WHAT YOU SHOULD DO:
Only the lines holding the word "mulDr" are wanted; copy each of them from the listing.

****************

Theorem lemma2p3 (A : zmodType) (mul : A -> A -> A)
  (mulA : associative mul)
  (mulDl : left_distributive mul +%R) (mulDr : right_distributive mul +%R)
  (n : nat) (hn : (2 <= n)%N) (k : 'I_n.-1) :
  (forall w : aword n, pure w ->
     exists w' : aword n, forall a : A,
       br_eq mul (G k a :: embed A w) (rcons (embed A w') (G k a)))
  /\
  (forall (a : A) (w : aword n), pure w ->
     br_eq mul ([:: G k a; Ginv k 0] ++ embed A w)
               (embed A w ++ [:: G k a; Ginv k 0])).
Proof.
case: n hn k => [|[|m]] // _ k.
split=> [w pw | a w pw].
  by exists ((k, false) :: rcons w (k, true)) => a; exact: y_comm_pure.
by have := x_comm_pure mulDl mulDr a k [::] pw; rewrite !cats0.
Qed.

****************

SOLUTION FOR THIS PROBLEM:
  (mulDl : left_distributive mul +%R) (mulDr : right_distributive mul +%R)
by have := x_comm_pure mulDl mulDr a k [::] pw; rewrite !cats0.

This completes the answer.